The last producing service in your pipeline could continue to produce data according to the old partition key, preserving backward compatibility and preventing any disruptions to downstream consumers.
Alternatively, downstream consumers could handle the changed partition key and make necessary adjustments to their systems. However, this approach carries risks as it assumes that all downstream consumers are known and are capable of handling the new partition key. It could also increase the load on downstream systems.

If downstream consumers do not require the old partition key, there are two possible approaches:

Use the default sticky partitions strategy, which evenly distributes messages across partitions, regardless of how they were previously batched. This partitioning strategy is highly optimized for batching.
Consider whether the downstream service could benefit from the new partition key, and adopt it accordingly.

Step 4: Communicate and Set Expectations

In the previous steps we’ve looked at a few technical risks when changing a partition key at scale and how to address them, and you can consider these risks as “known unknowns”.

The fourth step relates to the “unknown unknowns”.

Partitioning of in-flight data in high-scale systems is something fundamental to your system, with impact all across the board. Changing that could have a significant impact on everything along the way — including services and their applicative behaviors, Kafka clusters, and databases. That means many unexpected things can happen in the process.

That’s why it’s so important to ensure that all parties are aware of the change, understand the potential risks and benefits, and are prepared for any necessary adjustments. Making this process transparent reduces concerns in the organization and increases the chances of the process being successful.

You can achieve that by communicating the change to all stakeholders and setting expectations appropriately:

Reach out to key stakeholders in relevant teams, let them know about your planned changes and tell them about the potential benefits and risks. Get their feedback and address their concerns.
Publicly share the results of your preliminary steps. Elaborate on what looks good and what could use improvement.
Be proactive and demonstrate ownership when getting downstream services ready for the process (see Step 3 above).
Make preparations to minimize the time to revert the changes if needed. If possible, use a feature-flag to make it revertible without a deployment.
Publish a migration plan, outlying the actions on your side and which downstream service/infrastructure could be impacted during each of them.
Announce a timeline for the process, well in advance. Send a reminder before you start.
When making the change, monitor the system closely. Monitor both your services and those of other teams — basically anything that can be impacted by the change. Notify the relevant teams and stakeholders if you see anything unusual.
If something goes wrong and a service or an infrastructure is at risk, revert the changes. Remember, this is a complex process with many “unknown unknowns”. Things may pop only once you make the changes, so it might require a few iterations to get everything working as it should.

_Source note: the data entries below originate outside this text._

(* Let $(\mathcal H,\mathfrak A_0)$ be a Hilbert quasi *-algebra satisfying condition (P), and assume that $\mathcal H^+_{wb}:=\{\xi\in\mathcal H_b:\langle\xi x,x\rangle\ge0\ \forall x\in\mathfrak A_0\}\subseteq\mathcal H^+$. Then $\mathcal H^+=\mathcal H^+_w$.
   Context: A Hilbert algebra is a *-algebra $\mathfrak A_0$ with an inner product $\langle\cdot,\cdot\rangle$ such that (i) for each $x$, $y\mapsto xy$ is continuous for the inner product norm; (ii) $\langle xy,z\rangle=\langle y,x^*z\rangle$ for all $x,y,z$; (iii) $\langle x,y\rangle=\langle y^*,x^*\rangle$ for all $x,y$; (iv) the linear span of $\{xy:x,y\in\mathfrak A_0\}$ is dense in $\mathfrak A_0$. Let $\mathcal H$ be the Hilbert space completion of $\mathfrak A_0$; the involution extends isometrically to $\mathcal H$, and the products $\xi x$, $x\xi$ for $\xi\in\mathcal H$, $x\in\mathfrak A_0$ are defined by continuity. It is assumed that (A): if $\xi\in\mathcal H$ and $\xi x=0$ for all $x\in\mathfrak A_0$ then $\xi=0$. With these operations $(\mathcal H,\mathfrak A_0)$ is called a Hilbert quasi *-algebra. $\xi\in\mathcal H$ is bounded if $x\mapsto\xi x$ is bounded on $\mathfrak A_0$; $\mathcal H_b$ is the set of bounded elements. $\mathfrak A_0^+=\{\sum_{k=1}^n x_k^*x_k: x_k\in\mathfrak A_0,n\in\mathbb N\}$, $\mathcal H^+$ is its norm closure in $\mathcal H$, and $\mathcal H^+_w=\{\xi\in\mathcal H:\langle\xi x,x\rangle\ge0\ \forall x\in\mathfrak A_0\}$. A linear functional $\omega$ on $\mathcal H$ is representable if (L.1) $\omega(x^*x)\ge0$ for all $x\in\mathfrak A_0$; (L.2) $\omega(y^*\xi^*x)=\overline{\omega(x^*\xi y)}$ for all $x,y\in\mathfrak A_0$, $\xi\in\mathcal H$; (L.3) for every $\xi\in\mathcal H$ there is $\gamma_\xi>0$ with $|\omega(\xi^*x)|\le\gamma_\xi\,\omega(x^*x)^{1/2}$ for all $x\in\mathfrak A_0$; $\mathcal R_c(\mathcal H,\mathfrak A_0)$ is the set of continuous representable functionals. Condition (P): if $\xi\in\mathcal H$ and $\omega(x^*\xi x)\ge0$ for every $\omega\in\mathcal R_c(\mathcal H,\mathfrak A_0)$ and every $x\in\mathfrak A_0$, then $\xi\in\mathcal H^+$. *)

From Stdlib Require Import Reals List.
Import ListNotations.
Open Scope R_scope.

Record C := mkC { Re : R ; Im : R }.
Definition C0 : C := mkC 0 0.
Definition C1 : C := mkC 1 0.
Definition Cadd (a b : C) : C := mkC (Re a + Re b) (Im a + Im b).
Definition Cmul (a b : C) : C :=
  mkC (Re a * Re b - Im a * Im b) (Re a * Im b + Im a * Re b).
Definition Cconj (a : C) : C := mkC (Re a) (- Im a).
Definition Cabs (a : C) : R := sqrt (Re a * Re a + Im a * Im a).
Definition Cnonneg (a : C) : Prop := Im a = 0 /\ 0 <= Re a.

(** * Hilbert quasi *-algebras (H, A0)
   [car] is the Hilbert space H (complex inner product space, complete);
   [A0] is a dense subspace which is a *-algebra (Hilbert algebra axioms
   (i)-(iv)); [mul] restricted to H x A0 and A0 x H is the continuous
   extension of the product of A0 (it is bounded in the H-variable and agrees
   with the algebra product on A0, hence is uniquely determined); [inv] is the
   isometric extension of the involution of A0.  Values of [mul] when neither
   factor lies in A0 are irrelevant junk and never used.  Condition (A) is
   included. *)
Record HQA := {
  car :> Type;
  vadd : car -> car -> car;
  vzero : car;
  vopp : car -> car;
  vscal : C -> car -> car;
  vadd_assoc : forall x y z, vadd x (vadd y z) = vadd (vadd x y) z;
  vadd_comm : forall x y, vadd x y = vadd y x;
  vadd_0 : forall x, vadd x vzero = x;
  vadd_opp : forall x, vadd x (vopp x) = vzero;
  vscal_1 : forall x, vscal C1 x = x;
  vscal_assoc : forall a b x, vscal a (vscal b x) = vscal (Cmul a b) x;
  vscal_distr_v : forall a x y, vscal a (vadd x y) = vadd (vscal a x) (vscal a y);
  vscal_distr_s : forall a b x, vscal (Cadd a b) x = vadd (vscal a x) (vscal b x);

  ip : car -> car -> C;
  ip_addl : forall x y z, ip (vadd x y) z = Cadd (ip x z) (ip y z);
  ip_scall : forall a x y, ip (vscal a x) y = Cmul a (ip x y);
  ip_herm : forall x y, ip y x = Cconj (ip x y);
  ip_pos : forall x, Cnonneg (ip x x);
  ip_def : forall x, ip x x = C0 -> x = vzero;

  complete : forall u : nat -> car,
    (forall eps, 0 < eps -> exists N, forall m n, (N <= m)%nat -> (N <= n)%nat ->
        sqrt (Re (ip (vadd (u m) (vopp (u n))) (vadd (u m) (vopp (u n))))) < eps) ->
    exists l, forall eps, 0 < eps -> exists N, forall n, (N <= n)%nat ->
        sqrt (Re (ip (vadd (u n) (vopp l)) (vadd (u n) (vopp l)))) < eps;

  A0 : car -> Prop;
  A0_zero : A0 vzero;
  A0_add : forall x y, A0 x -> A0 y -> A0 (vadd x y);
  A0_scal : forall a x, A0 x -> A0 (vscal a x);
  A0_dense : forall xi eps, 0 < eps -> exists x, A0 x /\
      sqrt (Re (ip (vadd xi (vopp x)) (vadd xi (vopp x)))) < eps;

  mul : car -> car -> car;
  inv : car -> car;
  A0_mul : forall x y, A0 x -> A0 y -> A0 (mul x y);
  A0_inv : forall x, A0 x -> A0 (inv x);
  mul_assoc : forall x y z, A0 x -> A0 y -> A0 z -> mul x (mul y z) = mul (mul x y) z;
  mul_addl : forall x xi eta, A0 x -> mul (vadd xi eta) x = vadd (mul xi x) (mul eta x);
  mul_scall : forall x a xi, A0 x -> mul (vscal a xi) x = vscal a (mul xi x);
  mul_addr : forall x xi eta, A0 x -> mul x (vadd xi eta) = vadd (mul x xi) (mul x eta);
  mul_scalr : forall x a xi, A0 x -> mul x (vscal a xi) = vscal a (mul x xi);
  mul_boundl : forall x, A0 x -> exists M, forall xi,
      sqrt (Re (ip (mul xi x) (mul xi x))) <= M * sqrt (Re (ip xi xi));
  mul_boundr : forall x, A0 x -> exists M, forall xi,
      sqrt (Re (ip (mul x xi) (mul x xi))) <= M * sqrt (Re (ip xi xi));
  inv_add : forall xi eta, inv (vadd xi eta) = vadd (inv xi) (inv eta);
  inv_scal : forall a xi, inv (vscal a xi) = vscal (Cconj a) (inv xi);
  inv_inv : forall xi, inv (inv xi) = xi;
  inv_isom : forall xi, ip (inv xi) (inv xi) = ip xi xi;
  inv_mul : forall x y, A0 x -> A0 y -> inv (mul x y) = mul (inv y) (inv x);
  hax_ii : forall x y z, A0 x -> A0 y -> A0 z -> ip (mul x y) z = ip y (mul (inv x) z);
  hax_iii : forall x y, A0 x -> A0 y -> ip x y = ip (inv y) (inv x);
  hax_iv : forall x eps, A0 x -> 0 < eps -> exists l : list (car * car),
      (forall p, In p l -> A0 (fst p) /\ A0 (snd p)) /\
      let s := fold_right (fun p acc => vadd (mul (fst p) (snd p)) acc) vzero l in
      sqrt (Re (ip (vadd x (vopp s)) (vadd x (vopp s)))) < eps;
  cond_A : forall xi, (forall x, A0 x -> mul xi x = vzero) -> xi = vzero
}.

Section Notions.
Variable X : HQA.

Definition hnorm (xi : car X) : R := sqrt (Re (ip X xi xi)).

Communicating the process in advance and setting realistic expectations in a transparent way ensures that everyone is aware of the changes and risks, while also increasing the confidence of your fellow workers in the change process. This is an important precondition to successfully changing the partition key.

In Conclusion

To sum it up, changing the partition key of a Kafka topic at a high scale can have a significant impact on performance and stability, so it’s crucial to have a solid and thorough plan. Validating the new partition key for proper data distribution, checking the impact on producer optimizations, considering the impact on downstream consumers, and communicating with downstream consumers are all essential for a smooth transition. In the end, this is what truly allowed us to move with confidence when changing the partition key for over 100 billion daily events.